→ Directions: Reproduce exactly the lines from the top of the records below through the line holding "- exact: rising_monic.".

╭─ Available records

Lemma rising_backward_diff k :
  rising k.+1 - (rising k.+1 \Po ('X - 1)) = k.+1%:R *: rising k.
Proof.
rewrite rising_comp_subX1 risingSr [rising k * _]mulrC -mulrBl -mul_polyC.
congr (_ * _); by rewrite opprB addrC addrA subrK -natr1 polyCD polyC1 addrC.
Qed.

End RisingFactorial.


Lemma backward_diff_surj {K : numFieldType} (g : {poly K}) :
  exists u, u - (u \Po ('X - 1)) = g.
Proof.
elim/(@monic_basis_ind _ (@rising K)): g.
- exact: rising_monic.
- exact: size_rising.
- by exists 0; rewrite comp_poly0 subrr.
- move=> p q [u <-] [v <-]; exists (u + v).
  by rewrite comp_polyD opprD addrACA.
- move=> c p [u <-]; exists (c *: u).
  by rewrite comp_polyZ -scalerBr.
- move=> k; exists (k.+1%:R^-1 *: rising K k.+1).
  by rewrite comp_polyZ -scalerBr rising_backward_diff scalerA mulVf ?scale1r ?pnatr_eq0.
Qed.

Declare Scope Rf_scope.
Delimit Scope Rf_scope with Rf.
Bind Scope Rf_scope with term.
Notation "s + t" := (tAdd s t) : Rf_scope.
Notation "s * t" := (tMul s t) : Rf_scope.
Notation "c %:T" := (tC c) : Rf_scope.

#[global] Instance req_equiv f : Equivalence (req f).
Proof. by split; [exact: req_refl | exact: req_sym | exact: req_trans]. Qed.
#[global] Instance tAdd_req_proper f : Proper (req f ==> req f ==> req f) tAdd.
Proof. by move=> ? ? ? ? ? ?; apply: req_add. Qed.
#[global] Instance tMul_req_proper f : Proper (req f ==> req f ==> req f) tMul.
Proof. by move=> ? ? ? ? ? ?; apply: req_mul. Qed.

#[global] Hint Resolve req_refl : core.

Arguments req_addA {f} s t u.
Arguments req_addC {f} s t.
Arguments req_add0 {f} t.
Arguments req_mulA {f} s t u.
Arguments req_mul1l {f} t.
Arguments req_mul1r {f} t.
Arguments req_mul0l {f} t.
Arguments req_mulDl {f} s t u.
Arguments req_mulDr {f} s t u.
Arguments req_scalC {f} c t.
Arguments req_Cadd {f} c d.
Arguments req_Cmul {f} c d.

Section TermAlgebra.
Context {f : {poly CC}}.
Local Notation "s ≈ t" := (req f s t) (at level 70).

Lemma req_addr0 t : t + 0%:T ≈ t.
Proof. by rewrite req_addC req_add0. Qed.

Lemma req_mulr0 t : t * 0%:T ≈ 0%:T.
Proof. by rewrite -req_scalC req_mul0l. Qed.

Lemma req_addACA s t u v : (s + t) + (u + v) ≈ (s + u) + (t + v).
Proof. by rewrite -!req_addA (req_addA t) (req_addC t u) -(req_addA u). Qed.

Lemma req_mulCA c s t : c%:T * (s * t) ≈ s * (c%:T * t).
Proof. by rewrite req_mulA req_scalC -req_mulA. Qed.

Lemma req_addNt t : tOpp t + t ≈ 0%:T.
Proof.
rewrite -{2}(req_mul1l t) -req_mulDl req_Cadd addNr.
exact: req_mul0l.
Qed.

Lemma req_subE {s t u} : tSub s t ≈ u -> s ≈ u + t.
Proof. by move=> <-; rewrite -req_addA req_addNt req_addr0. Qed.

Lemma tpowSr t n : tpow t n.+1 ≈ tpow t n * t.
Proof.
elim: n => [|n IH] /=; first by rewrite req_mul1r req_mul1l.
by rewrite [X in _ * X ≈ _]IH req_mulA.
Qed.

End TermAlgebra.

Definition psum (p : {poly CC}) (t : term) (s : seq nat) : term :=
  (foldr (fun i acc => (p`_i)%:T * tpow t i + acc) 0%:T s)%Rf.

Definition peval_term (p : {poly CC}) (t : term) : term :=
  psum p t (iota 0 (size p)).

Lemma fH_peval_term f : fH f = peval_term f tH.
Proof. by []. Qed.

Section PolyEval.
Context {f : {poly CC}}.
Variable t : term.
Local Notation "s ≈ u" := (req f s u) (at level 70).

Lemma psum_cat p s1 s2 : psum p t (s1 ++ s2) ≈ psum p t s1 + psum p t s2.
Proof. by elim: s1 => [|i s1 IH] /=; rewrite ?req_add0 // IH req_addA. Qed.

╰─

→ Finished task:
Lemma rising_backward_diff k :
  rising k.+1 - (rising k.+1 \Po ('X - 1)) = k.+1%:R *: rising k.
Proof.
rewrite rising_comp_subX1 risingSr [rising k * _]mulrC -mulrBl -mul_polyC.
congr (_ * _); by rewrite opprB addrC addrA subrK -natr1 polyCD polyC1 addrC.
Qed.

End RisingFactorial.


Lemma backward_diff_surj {K : numFieldType} (g : {poly K}) :
  exists u, u - (u \Po ('X - 1)) = g.
Proof.
elim/(@monic_basis_ind _ (@rising K)): g.
- exact: rising_monic.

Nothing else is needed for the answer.